------ RECORDS PROVIDED

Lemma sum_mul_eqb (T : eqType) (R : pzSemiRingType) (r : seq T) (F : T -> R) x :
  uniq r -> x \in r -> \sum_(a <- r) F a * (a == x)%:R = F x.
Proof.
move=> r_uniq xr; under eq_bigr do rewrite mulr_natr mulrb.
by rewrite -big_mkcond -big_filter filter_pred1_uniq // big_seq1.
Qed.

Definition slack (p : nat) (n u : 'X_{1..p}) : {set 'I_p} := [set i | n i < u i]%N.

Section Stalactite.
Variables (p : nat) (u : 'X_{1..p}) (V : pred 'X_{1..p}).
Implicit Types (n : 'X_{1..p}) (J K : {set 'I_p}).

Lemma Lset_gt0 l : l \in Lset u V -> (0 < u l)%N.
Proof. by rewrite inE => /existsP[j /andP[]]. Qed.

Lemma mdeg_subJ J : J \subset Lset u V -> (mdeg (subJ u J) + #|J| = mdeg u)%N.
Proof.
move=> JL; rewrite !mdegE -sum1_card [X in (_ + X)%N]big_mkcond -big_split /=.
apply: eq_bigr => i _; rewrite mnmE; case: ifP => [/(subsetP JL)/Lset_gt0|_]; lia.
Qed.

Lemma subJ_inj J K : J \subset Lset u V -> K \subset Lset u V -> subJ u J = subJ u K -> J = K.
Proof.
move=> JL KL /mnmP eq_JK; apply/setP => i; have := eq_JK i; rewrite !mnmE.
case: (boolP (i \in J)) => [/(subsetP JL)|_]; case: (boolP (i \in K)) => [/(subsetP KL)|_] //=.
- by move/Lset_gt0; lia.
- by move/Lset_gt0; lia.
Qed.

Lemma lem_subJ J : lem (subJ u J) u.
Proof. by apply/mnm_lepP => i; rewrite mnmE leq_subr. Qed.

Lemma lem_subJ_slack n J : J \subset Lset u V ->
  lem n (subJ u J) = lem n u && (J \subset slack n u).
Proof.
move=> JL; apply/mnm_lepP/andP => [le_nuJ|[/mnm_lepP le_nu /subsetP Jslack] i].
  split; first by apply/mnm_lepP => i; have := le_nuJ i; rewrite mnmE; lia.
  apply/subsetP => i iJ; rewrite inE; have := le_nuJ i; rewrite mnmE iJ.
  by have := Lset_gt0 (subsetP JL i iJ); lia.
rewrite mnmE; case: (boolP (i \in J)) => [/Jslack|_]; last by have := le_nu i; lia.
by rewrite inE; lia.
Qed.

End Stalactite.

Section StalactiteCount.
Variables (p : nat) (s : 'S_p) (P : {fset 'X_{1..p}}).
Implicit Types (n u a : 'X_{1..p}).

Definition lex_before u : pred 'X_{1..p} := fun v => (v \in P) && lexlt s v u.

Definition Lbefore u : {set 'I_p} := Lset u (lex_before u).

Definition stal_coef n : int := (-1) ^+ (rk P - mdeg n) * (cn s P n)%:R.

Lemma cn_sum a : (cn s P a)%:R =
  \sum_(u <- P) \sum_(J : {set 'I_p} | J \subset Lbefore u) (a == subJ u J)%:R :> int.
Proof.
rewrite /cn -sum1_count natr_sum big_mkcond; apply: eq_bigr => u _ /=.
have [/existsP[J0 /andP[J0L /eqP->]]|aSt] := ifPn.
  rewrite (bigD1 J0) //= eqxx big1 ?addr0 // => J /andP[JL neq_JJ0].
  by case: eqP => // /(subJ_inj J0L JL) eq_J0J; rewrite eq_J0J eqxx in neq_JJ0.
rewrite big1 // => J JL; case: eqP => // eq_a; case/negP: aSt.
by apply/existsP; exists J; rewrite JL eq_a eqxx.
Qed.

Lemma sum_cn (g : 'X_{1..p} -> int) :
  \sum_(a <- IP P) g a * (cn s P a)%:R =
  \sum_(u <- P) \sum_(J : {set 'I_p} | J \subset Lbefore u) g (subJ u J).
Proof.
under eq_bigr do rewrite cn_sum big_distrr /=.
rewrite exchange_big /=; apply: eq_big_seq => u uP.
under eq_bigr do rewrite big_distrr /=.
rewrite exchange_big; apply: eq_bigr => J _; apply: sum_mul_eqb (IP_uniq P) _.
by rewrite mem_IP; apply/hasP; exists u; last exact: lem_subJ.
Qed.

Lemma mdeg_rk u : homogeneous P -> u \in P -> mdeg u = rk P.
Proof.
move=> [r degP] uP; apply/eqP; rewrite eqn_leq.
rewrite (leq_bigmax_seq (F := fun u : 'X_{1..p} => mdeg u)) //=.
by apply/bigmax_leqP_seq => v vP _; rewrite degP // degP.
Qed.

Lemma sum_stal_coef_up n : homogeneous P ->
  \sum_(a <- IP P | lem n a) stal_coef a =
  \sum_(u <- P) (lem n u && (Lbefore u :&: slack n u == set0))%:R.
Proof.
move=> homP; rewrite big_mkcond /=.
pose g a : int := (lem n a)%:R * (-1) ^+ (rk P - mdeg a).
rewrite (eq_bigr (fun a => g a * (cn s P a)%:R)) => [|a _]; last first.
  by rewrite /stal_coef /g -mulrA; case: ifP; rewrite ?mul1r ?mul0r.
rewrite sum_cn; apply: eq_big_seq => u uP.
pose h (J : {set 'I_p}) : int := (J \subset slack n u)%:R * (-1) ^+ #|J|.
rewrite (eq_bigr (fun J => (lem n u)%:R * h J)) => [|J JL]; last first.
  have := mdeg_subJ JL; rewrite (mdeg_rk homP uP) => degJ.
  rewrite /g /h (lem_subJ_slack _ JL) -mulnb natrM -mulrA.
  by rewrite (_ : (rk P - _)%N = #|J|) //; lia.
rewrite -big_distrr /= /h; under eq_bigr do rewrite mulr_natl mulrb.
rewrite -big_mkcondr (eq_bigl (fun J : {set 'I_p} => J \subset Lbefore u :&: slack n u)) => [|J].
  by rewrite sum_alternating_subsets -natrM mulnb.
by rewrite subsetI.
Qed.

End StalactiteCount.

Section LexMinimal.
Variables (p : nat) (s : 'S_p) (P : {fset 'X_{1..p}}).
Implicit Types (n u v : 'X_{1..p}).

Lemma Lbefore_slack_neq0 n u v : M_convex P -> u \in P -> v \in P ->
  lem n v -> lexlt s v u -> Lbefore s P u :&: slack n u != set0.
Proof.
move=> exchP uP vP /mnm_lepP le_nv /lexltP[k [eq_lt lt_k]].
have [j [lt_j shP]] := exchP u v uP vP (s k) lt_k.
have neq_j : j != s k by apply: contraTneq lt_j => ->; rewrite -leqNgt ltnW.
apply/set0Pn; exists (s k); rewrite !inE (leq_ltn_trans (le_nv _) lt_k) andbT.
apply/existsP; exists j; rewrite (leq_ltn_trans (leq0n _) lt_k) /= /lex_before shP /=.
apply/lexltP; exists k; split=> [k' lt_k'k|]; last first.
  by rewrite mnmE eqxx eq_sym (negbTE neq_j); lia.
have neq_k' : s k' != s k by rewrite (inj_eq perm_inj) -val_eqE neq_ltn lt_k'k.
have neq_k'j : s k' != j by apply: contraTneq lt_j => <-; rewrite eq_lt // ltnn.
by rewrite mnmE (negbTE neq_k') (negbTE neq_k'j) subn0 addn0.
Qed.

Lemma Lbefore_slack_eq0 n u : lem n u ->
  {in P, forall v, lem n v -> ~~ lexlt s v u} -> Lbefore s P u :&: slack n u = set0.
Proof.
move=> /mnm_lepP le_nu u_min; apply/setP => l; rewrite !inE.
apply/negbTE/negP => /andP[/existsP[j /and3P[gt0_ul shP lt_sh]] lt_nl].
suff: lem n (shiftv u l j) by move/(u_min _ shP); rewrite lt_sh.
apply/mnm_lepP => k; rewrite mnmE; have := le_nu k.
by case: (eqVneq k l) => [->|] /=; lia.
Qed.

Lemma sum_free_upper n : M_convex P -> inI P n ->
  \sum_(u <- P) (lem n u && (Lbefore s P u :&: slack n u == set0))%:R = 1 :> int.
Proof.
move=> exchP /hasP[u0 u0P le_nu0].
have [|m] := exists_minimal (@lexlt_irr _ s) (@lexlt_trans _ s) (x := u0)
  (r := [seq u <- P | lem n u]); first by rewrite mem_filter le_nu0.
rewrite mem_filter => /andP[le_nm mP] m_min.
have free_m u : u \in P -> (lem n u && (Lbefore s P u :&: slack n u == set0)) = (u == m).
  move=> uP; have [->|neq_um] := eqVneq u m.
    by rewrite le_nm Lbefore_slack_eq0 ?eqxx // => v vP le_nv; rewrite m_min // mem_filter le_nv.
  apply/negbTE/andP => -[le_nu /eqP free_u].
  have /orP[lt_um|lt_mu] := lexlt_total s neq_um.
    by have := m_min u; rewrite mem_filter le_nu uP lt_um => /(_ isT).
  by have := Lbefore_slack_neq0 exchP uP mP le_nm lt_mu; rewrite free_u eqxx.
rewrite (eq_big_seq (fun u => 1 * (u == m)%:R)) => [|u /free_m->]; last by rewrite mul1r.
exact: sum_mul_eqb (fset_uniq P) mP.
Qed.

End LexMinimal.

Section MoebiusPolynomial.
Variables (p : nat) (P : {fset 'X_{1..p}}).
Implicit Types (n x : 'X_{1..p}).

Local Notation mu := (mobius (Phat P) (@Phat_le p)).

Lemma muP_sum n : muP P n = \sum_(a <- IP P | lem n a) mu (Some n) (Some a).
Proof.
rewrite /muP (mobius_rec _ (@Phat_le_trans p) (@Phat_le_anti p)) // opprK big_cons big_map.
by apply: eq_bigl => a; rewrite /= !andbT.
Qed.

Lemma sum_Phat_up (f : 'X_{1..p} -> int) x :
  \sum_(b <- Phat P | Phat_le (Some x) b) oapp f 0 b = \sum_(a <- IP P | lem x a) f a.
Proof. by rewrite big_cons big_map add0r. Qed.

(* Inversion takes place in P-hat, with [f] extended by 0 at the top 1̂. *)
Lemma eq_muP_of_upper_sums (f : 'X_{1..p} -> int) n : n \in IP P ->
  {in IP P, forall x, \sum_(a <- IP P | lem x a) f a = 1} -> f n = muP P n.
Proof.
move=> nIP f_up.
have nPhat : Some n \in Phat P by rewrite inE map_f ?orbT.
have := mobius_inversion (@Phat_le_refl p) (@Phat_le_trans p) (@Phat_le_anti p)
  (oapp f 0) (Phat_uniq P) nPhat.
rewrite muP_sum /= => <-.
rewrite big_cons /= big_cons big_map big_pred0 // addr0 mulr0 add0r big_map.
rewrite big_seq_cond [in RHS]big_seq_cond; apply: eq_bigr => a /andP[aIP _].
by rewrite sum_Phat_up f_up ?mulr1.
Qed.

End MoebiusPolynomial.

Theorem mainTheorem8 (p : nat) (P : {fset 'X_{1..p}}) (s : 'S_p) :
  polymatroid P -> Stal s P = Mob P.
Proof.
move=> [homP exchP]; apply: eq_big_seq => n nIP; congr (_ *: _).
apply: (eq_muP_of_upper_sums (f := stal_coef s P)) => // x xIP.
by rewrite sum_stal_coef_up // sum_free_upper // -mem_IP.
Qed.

------------

_PROBLEM DESCRIPTION:_
Starting at the line with "apply/negbTE/negP => /andP[/existsP[j" and ending at the line with "Section MoebiusPolynomial.", print each line of the listing above exactly, with no other lines.

_EXERCISE SOLUTION:_
apply/negbTE/negP => /andP[/existsP[j /and3P[gt0_ul shP lt_sh]] lt_nl].
suff: lem n (shiftv u l j) by move/(u_min _ shP); rewrite lt_sh.
apply/mnm_lepP => k; rewrite mnmE; have := le_nu k.
by case: (eqVneq k l) => [->|] /=; lia.
Qed.

Lemma sum_free_upper n : M_convex P -> inI P n ->
  \sum_(u <- P) (lem n u && (Lbefore s P u :&: slack n u == set0))%:R = 1 :> int.
Proof.
move=> exchP /hasP[u0 u0P le_nu0].
have [|m] := exists_minimal (@lexlt_irr _ s) (@lexlt_trans _ s) (x := u0)
  (r := [seq u <- P | lem n u]); first by rewrite mem_filter le_nu0.
rewrite mem_filter => /andP[le_nm mP] m_min.
have free_m u : u \in P -> (lem n u && (Lbefore s P u :&: slack n u == set0)) = (u == m).
  move=> uP; have [->|neq_um] := eqVneq u m.
    by rewrite le_nm Lbefore_slack_eq0 ?eqxx // => v vP le_nv; rewrite m_min // mem_filter le_nv.
  apply/negbTE/andP => -[le_nu /eqP free_u].
  have /orP[lt_um|lt_mu] := lexlt_total s neq_um.
    by have := m_min u; rewrite mem_filter le_nu uP lt_um => /(_ isT).
  by have := Lbefore_slack_neq0 exchP uP mP le_nm lt_mu; rewrite free_u eqxx.
rewrite (eq_big_seq (fun u => 1 * (u == m)%:R)) => [|u /free_m->]; last by rewrite mul1r.
exact: sum_mul_eqb (fset_uniq P) mP.
Qed.

End LexMinimal.

Section MoebiusPolynomial.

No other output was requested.